Wrong, Wrong, and more wrong. Not everyone in the IS can, or does, pilot a mech. According to the lore, you have to be sponsored into one of the major mech academies for 6-8 years. While there are a few exceptions, this is the general rule. Just graduating doesnt get you into your unit of choice though. Kai transfered out of the unit he graded into, so that the girl he was dating at the time could have the slot instead, as her family all served in that unit, and her grades were only good enough to get her the top alternate slot. Kai also went on to post the highest scores of any person, IS or Clan, in a Clan style testing, only proves that clan warriors arent 'better', only more experienced as they typically have about 10 more years of training. My point being, IS has testing just as hard as the Clans do for their mechwarriors. The only difference is that Clan warriors start their training at 5 or 6, where IS pilots typically dont start till their late teens.
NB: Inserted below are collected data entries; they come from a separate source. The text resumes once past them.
Lemma ascends_everywhere_or_nowhere :
  (forall k, ascends s k) \/ (forall k, ~ ascends s k).
Proof.
  destruct (Z_lt_le_dec (s 0) (s (0 + 1))) as [H0|H0]; [left|right]; intros k.
  - destruct (Z_lt_le_dec (s k) (s (k + 1))) as [|Hk]; [assumption|exfalso].
    destruct (Z_le_gt_dec 0 k) as [Hk0|Hk0].
    + destruct (ascends_grow s s_inj s_no_peak 0 k H0 Hk0) as [Hup _].
      unfold ascends in Hup. lia.
    + destruct (exists_valley s k 0) as (v & Hv1 & Hv2);
        [lia | unfold ascends; lia | exact H0 |].
      exact (valley_absurd v Hv1 Hv2).
  - intros Hk. destruct (Z_le_gt_dec k 0) as [Hk0|Hk0].
    + destruct (ascends_grow s s_inj s_no_peak k 0 Hk Hk0) as [Hup _].
      unfold ascends in Hup. lia.
    + destruct (exists_valley s 0 k) as (v & Hv1 & Hv2);
        [lia | unfold ascends; lia | exact Hk |].
      exact (valley_absurd v Hv1 Hv2).
Qed.

Lemma ascending_translation : (forall k, ascends s k) -> forall k, s k = s 0 + k.
Proof.
  intros Hup.
  assert (Hsucc : forall k, s (k + 1) = s k + 1).
  { intros k. destruct (s_surj (s k + 1)) as [x Hx].
    destruct (Z_le_gt_dec x k) as [Hxk|Hxk].
    - pose proof (ascends_grow s s_inj s_no_peak x k (Hup x) Hxk). lia.
    - pose proof (ascends_grow s s_inj s_no_peak (k + 1) x (Hup (k + 1)) ltac:(lia)).
      specialize (Hup k). unfold ascends in Hup. lia. }
  intros k. induction k as [|k IH|k IH] using Z.peano_ind.
  - ring.
  - rewrite <- Z.add_1_r, Hsucc, IH. ring.
  - specialize (Hsucc (Z.pred k)). rewrite Z.add_1_r, Z.succ_pred in Hsucc. lia.
Qed.

End NoPeakBijection.

Lemma no_peak_bijection_affine s :
  (forall i j, s i = s j -> i = j) -> (forall v, exists k, s k = v) -> no_peak s ->
  (forall k, s k = s 0 + k) \/ (forall k, s k = s 0 - k).
Proof.
  intros Hinj Hsurj Hnp.
  destruct (ascends_everywhere_or_nowhere s Hinj Hsurj Hnp) as [Hup|Hdown]; [left|right].
  - exact (ascending_translation s Hinj Hsurj Hnp Hup).
  - set (r := fun k => s (- k)).
    assert (Hr : forall k, r k = r 0 + k).
    { apply ascending_translation.
      - exact (injective_reflect s Hinj).
      - intros v. destruct (Hsurj v) as [k Hk]. exists (- k).
        unfold r. now rewrite Z.opp_involutive.
      - exact (no_peak_reflect s Hnp).
      - intros k. apply ascends_reflect; [exact Hinj | apply Hdown]. }
    intros k. specialize (Hr (- k)). unfold r in Hr. rewrite Z.opp_involutive in Hr.
    cbn in Hr. lia.
Qed.

Definition Z_range (N : Z) : list Z := map Z.of_nat (seq 0 (Z.to_nat N)).

Lemma in_Z_range N j : In j (Z_range N) <-> 0 <= j < N.
Proof.
  unfold Z_range. rewrite in_map_iff. split.
  - intros (k & <- & Hk). apply in_seq in Hk. lia.
  - intros Hj. exists (Z.to_nat j). rewrite in_seq. lia.
Qed.

Lemma pigeonhole_Z (N M : Z) (R : Z -> Z -> Prop) :
  0 <= M ->
  (forall j, 0 <= j < N -> exists r, 0 <= r < M /\ R j r) ->
  (forall j j' r, 0 <= j < N -> 0 <= j' < N -> R j r -> R j' r -> j = j') ->
  N <= M.
Proof.
  intros HM Hex Hinj.
  assert (Hf : forall j, exists r, 0 <= j < N -> 0 <= r < M /\ R j r).
  { intros j. destruct (Z_le_dec 0 j), (Z_lt_dec j N);
      [destruct (Hex j) as [r Hr]; [lia | now exists r] | exists 0; lia ..]. }
  set (f j := proj1_sig (constructive_indefinite_description _ (Hf j))).
  assert (Hfj : forall j, 0 <= j < N -> 0 <= f j < M /\ R j (f j)).
  { intros j. exact (proj2_sig (constructive_indefinite_description _ (Hf j))). }
  assert (Hlen : (length (map f (Z_range N)) <= length (Z_range M))%nat).
  { apply NoDup_incl_length.
    - apply NoDup_map_NoDup_ForallPairs; [|apply Injective_map_NoDup].
      + intros j j' Hj Hj' E. apply in_Z_range in Hj, Hj'.
        apply (Hinj j j' (f j)); [assumption | assumption | apply Hfj | rewrite E; apply Hfj];
          assumption.
      + intros a b E. now apply Nat2Z.inj.
      + apply seq_NoDup.
    - intros r Hr. apply in_map_iff in Hr as (j & <- & Hj). apply in_Z_range in Hj.
      apply in_Z_range, Hfj, Hj. }
  unfold Z_range in Hlen. rewrite !length_map, !length_seq in Hlen. lia.
Qed.

Definition line_corr (m n m' n' : Z) (phi : word -> word) (swap : bool) : Prop :=
  forall x y b,
    on_line m n y x b <-> on_line m' n' (phi y) (phi x) (if swap then negb b else b).

Section Bijection.
Context {m n m' n' : Z} {phi : word -> word}.
Hypothesis phi_bij : is_bijection m n m' n' phi.
Local Notation "u ≡ v" := (bs_eq m n u v) (at level 70).
Local Notation "u ≡' v" := (bs_eq m' n' u v) (at level 70).
Local Notation on := (on_line m n).
Local Notation on' := (on_line m' n').

Lemma phi_bs_eq u v : u ≡ v -> phi u ≡' phi v.
Proof. apply phi_bij. Qed.

Lemma phi_reflect u v : phi u ≡' phi v -> u ≡ v.
Proof. apply phi_bij. Qed.

Lemma phi_surj w : exists u, phi u ≡' w.
Proof. apply phi_bij. Qed.

Definition phi_inv (w : word) : word :=
  proj1_sig (constructive_indefinite_description _ (phi_surj w)).

Lemma phi_phi_inv w : phi (phi_inv w) ≡' w.
Proof. exact (proj2_sig (constructive_indefinite_description _ (phi_surj w))). Qed.

Lemma phi_inv_phi u : phi_inv (phi u) ≡ u.
Proof. apply phi_reflect, phi_phi_inv. Qed.

Lemma phi_inv_bijection : is_bijection m' n' m n phi_inv.
Proof.
  split; [|split].
  - intros w w' Hw. apply phi_reflect. now rewrite !phi_phi_inv.
  - intros w w' Hw. apply phi_bs_eq in Hw. now rewrite !phi_phi_inv in Hw.
  - intros u. exists (phi u). apply phi_inv_phi.
Qed.

Lemma phi_inv_line_corr swap :
  line_corr m n m' n' phi swap -> line_corr m' n' m n phi_inv swap.
Proof.
  intros Hcorr x y b. rewrite (Hcorr (phi_inv x) (phi_inv y)), !phi_phi_inv.
  now destruct swap, b.
Qed.

Section LineKinds.
Hypotheses (Hm : m <> 0) (Hn : n <> 0) (Hm' : m' <> 0) (Hn' : n' <> 0).
Hypothesis phi_lp : line_preserving m n m' n' phi.

Definition maps_line_to (g : word) (b c : bool) : Prop :=
  exists h, forall x, on x g b <-> on' (phi x) h c.

Lemma maps_line_to_exists g b : exists c, maps_line_to g b c.
Proof.
  destruct (phi_lp g b) as (h & c & Honto & Hback). exists c, h. intros x. split.
  - intros [k Hk]. destruct (Honto k) as [l Hl]. exists l. now rewrite (phi_bs_eq _ _ Hk).
  - intros [l Hl]. destruct (Hback l) as [k Hk]. exists k. apply phi_reflect.
    now rewrite Hl, Hk.
Qed.

Lemma maps_line_to_base g b c x :
  maps_line_to g b c -> on x g b <-> on' (phi x) (phi g) c.
Proof.
  intros [h H]. rewrite H. assert (Hg : on' (phi g) h c) by apply H, on_line_refl.
  split; intros Hx.
  - exact (on_line_shared _ _ _ _ Hg Hx).
  - exact (on_line_trans _ _ _ _ Hg Hx).
Qed.

Lemma maps_line_to_move g b c x : maps_line_to g b c -> on x g b -> maps_line_to x b c.
Proof.
  intros [h H] Hx. exists h. intros y. rewrite <- H. split; intros Hy.
  - exact (on_line_trans _ _ _ _ Hx Hy).
  - exact (on_line_shared _ _ _ _ Hx Hy).
Qed.

Lemma maps_line_to_unique g b c1 c2 : maps_line_to g b c1 -> maps_line_to g b c2 -> c1 = c2.
Proof.
  intros H1 H2. apply (line_kind_unique Hm' Hn' (phi g) c1 (phi g) c2). intros q.
  destruct (phi_surj q) as [u <-].
  now rewrite <- (maps_line_to_base _ _ _ _ H1), (maps_line_to_base _ _ _ _ H2).
Qed.

Lemma maps_line_to_kinds g c :
  maps_line_to g false c -> maps_line_to g true (negb c).
Proof.
  intros Ha. destruct (maps_line_to_exists g true) as [c' Ht].
  assert (Hc : c' <> c).
  { intros ->. enough (1 = 0) by lia. apply (A_on_t_line Hm Hn g 1).
    apply (maps_line_to_base _ _ _ _ Ht), (maps_line_to_base _ _ _ _ Ha), on_line_pt. }
  now replace (negb c) with c' by (destruct c, c'; cbn; congruence).
Qed.

Lemma line_corr_exists : exists swap, line_corr m n m' n' phi swap.
Proof.
  destruct (maps_line_to_exists [] false) as [c Hc].
  assert (Hall : forall w, maps_line_to w false c).
  { intros w. induction w as [|[[|] k] w IH] using rev_ind; [exact Hc| |].
    - pose proof (maps_line_to_move _ _ _ _ (maps_line_to_kinds _ _ IH) (on_line_pt w true k))
        as Ht.
      destruct (maps_line_to_exists (w ++ gen_pow true k) false) as [c' Ha].
      pose proof (maps_line_to_unique _ _ _ _ Ht (maps_line_to_kinds _ _ Ha)) as E.
      now replace c with c' by (destruct c, c'; cbn in E; congruence).
    - exact (maps_line_to_move _ _ _ _ IH (on_line_pt w false k)). }
  exists c. intros x y [|].
  - rewrite (maps_line_to_base _ _ _ y (maps_line_to_kinds _ _ (Hall x))). now destruct c.
  - rewrite (maps_line_to_base _ _ _ y (Hall x)). now destruct c.
Qed.

End LineKinds.

End Bijection.

Section Swapped.
Context {m n m' n' : Z} {phi : word -> word}.
Hypotheses (Hm : m <> 0) (Hn : n <> 0) (Hm' : m' <> 0) (Hn' : n' <> 0).
Hypothesis phi_bij : is_bijection m n m' n' phi.
Hypothesis phi_swap : line_corr m n m' n' phi true.
Local Notation on := (on_line m n).
Local Notation on' := (on_line m' n').

Lemma swap_on_line x y b : on y x b <-> on' (phi y) (phi x) (negb b).
Proof. exact (phi_swap x y b). Qed.

Lemma line_swap_target_unit : Z.abs m' < Z.abs n' -> Z.abs m' < 2.
Proof.
  intros Hlt'. apply Z.nle_gt. intros H2.
  set (z := phi []).
  destruct (phi_surj phi_bij (z ++ A 1)) as [y Hy].
  assert (Hyt : on y [] true) by (apply (swap_on_line _ _ true); rewrite Hy; apply on_line_pt).
  destruct Hyt as [k Hk].
  assert (Hk0 : k <> 0).
  { intros ->. apply (letter_nontrivial Hm' Hn' false), (cancel_l z).
    rewrite app_nil_r, <- Hy. apply (phi_bs_eq phi_bij). now rewrite Hk, T0. }
  destruct (t_lines_reconverge Hm Hn [] k Hk0) as (c & Hc & HQ).
  assert (P1 : on' (phi (A c)) z true) by (apply (swap_on_line _ _ false); now exists c).
  assert (P2 : on' (phi (A c ++ T k)) (z ++ A 1) true).
  { rewrite <- Hy. apply (swap_on_line _ _ false). now rewrite Hk. }
  assert (P3 : on' (phi (A c ++ T k)) (phi (A c)) false)
    by apply (swap_on_line _ _ true), on_line_pt.
  pose proof (adjacent_t_lines_meet_at_base Hm' Hn' _ _ _ H2 ltac:(lia) P1 P2 P3) as H4.
  apply (swap_on_line _ _ true) in H4. exact (Hc (A_on_t_line Hm Hn [] c H4)).
Qed.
So, given that the lore states that the only real difference is when they start their training, how do you justify harder 'trials' for prospective clan players than for IS players? Phelan Kell, not even academy trained if I remember, trained by the IS, was able to do his Clan test with just over 6 months of clan style training. That was after months of chemical interigation. Clan mechwarriors are not 'super men', and have not been overly genetically modified, such as the Elemental or Aerospace pilots. They just have more years behind the cockpit of a mech than an IS pilot of the same age.
Then again, if Clan Mechwarriors are suppost to be 'super men', as it appears you believe, then you would have no objection to an artificial mechanism in the game to reflect this, would ya? A mechanism that an IS pilot couldnt duplicate, because Clanners have a harder trial?
Edit:Answered a question I missed first time around.
Edited by Blkcat, 08 April 2012 - 08:38 AM.